▶ TASK BRIEF:
Could you filter the records below down to the lines that include the word "simpl"?

▶ DATA FOR PROCESSING:

###

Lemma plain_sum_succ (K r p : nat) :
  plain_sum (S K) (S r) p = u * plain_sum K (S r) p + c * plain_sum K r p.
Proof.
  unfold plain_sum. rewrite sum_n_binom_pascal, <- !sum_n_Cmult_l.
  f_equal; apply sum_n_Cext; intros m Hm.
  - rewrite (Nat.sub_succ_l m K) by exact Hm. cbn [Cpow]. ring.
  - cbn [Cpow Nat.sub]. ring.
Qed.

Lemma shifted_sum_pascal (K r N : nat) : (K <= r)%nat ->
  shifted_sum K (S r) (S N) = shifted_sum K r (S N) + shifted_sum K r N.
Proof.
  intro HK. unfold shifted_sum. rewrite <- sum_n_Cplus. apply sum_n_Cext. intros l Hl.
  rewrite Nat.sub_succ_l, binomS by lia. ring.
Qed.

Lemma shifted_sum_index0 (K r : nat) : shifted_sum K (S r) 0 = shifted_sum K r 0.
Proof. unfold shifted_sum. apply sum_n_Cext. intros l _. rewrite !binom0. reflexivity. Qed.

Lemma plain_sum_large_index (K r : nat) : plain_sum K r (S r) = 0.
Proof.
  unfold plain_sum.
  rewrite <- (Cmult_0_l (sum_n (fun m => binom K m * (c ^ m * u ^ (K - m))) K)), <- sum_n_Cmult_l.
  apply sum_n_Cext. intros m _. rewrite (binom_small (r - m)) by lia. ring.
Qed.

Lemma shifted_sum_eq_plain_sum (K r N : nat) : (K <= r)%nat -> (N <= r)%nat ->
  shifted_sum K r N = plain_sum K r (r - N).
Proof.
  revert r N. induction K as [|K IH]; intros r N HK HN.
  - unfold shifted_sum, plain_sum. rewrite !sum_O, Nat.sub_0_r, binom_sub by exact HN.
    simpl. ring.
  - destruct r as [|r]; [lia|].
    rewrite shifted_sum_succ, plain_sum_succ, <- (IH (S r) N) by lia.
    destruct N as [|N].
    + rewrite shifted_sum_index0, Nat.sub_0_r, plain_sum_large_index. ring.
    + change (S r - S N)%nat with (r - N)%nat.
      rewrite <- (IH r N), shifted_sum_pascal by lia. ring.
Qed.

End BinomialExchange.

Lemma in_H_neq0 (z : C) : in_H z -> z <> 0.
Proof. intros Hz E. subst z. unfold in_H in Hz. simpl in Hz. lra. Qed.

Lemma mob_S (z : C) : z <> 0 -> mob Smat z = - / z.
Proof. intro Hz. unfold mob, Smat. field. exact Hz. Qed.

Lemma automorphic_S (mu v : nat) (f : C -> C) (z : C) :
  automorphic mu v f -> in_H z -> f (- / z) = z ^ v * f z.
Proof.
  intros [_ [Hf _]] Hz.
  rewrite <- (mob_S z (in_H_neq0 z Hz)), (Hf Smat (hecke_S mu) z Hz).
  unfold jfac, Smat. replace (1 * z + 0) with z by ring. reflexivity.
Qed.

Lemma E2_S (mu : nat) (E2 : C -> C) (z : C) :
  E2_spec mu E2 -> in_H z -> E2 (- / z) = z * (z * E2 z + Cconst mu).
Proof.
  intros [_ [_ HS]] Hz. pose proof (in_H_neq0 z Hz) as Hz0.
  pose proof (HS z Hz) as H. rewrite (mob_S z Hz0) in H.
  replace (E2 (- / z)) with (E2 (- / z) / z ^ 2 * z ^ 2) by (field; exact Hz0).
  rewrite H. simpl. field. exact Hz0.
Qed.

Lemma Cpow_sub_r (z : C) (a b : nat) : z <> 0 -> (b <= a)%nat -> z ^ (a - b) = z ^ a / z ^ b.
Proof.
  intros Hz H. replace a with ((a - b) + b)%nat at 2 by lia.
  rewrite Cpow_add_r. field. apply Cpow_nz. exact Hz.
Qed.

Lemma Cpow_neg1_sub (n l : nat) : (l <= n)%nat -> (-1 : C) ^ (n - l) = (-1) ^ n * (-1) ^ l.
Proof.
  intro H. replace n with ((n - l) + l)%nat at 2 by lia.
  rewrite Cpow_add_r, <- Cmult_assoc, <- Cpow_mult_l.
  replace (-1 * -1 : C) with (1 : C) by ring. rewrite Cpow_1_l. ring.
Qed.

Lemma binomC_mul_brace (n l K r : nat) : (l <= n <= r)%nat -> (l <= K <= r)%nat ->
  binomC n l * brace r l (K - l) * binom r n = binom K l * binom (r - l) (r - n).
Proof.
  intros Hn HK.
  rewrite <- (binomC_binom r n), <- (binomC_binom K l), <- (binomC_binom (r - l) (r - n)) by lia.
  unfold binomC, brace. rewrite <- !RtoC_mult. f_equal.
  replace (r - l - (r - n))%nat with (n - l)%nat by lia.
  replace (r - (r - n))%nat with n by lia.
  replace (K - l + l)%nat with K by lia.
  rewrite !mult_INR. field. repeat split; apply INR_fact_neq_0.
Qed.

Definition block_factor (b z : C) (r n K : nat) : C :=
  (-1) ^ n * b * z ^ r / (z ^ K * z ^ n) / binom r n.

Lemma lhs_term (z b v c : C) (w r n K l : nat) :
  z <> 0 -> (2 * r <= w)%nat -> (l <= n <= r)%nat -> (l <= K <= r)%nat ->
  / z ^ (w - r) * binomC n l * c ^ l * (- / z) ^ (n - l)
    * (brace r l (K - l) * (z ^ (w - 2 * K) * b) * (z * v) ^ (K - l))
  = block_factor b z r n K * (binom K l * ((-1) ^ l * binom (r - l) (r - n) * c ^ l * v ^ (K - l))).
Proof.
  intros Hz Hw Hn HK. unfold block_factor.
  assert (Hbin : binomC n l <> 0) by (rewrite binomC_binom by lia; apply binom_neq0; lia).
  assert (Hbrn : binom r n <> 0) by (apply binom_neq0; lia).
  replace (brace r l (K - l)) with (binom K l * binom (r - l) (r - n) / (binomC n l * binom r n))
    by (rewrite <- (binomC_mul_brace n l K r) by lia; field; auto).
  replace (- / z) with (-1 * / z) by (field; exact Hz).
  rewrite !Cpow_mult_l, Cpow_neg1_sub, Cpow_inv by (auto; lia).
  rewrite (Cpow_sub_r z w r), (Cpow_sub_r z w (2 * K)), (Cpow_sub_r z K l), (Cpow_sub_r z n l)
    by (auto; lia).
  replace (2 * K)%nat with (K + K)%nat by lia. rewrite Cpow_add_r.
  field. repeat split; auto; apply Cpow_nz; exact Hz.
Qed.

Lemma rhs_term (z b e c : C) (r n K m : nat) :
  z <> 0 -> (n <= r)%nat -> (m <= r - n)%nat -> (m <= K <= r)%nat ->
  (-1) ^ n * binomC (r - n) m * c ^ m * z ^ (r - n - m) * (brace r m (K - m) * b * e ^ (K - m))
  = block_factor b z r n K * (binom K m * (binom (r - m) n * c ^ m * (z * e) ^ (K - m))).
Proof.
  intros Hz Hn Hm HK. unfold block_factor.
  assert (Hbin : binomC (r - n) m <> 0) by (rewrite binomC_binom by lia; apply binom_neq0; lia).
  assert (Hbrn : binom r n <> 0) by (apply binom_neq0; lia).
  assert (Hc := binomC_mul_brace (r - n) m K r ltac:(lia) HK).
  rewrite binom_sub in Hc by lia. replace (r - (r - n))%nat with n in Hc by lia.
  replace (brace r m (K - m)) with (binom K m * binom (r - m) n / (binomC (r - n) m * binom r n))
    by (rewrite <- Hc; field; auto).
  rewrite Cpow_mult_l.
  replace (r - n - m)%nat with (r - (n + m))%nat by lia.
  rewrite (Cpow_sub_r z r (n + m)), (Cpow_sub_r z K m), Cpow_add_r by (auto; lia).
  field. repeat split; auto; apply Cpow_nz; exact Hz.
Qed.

###

▶ WRITTEN ANSWER:
    simpl. ring.
Proof. intros Hz E. subst z. unfold in_H in Hz. simpl in Hz. lra. Qed.
  rewrite H. simpl. field. exact Hz0.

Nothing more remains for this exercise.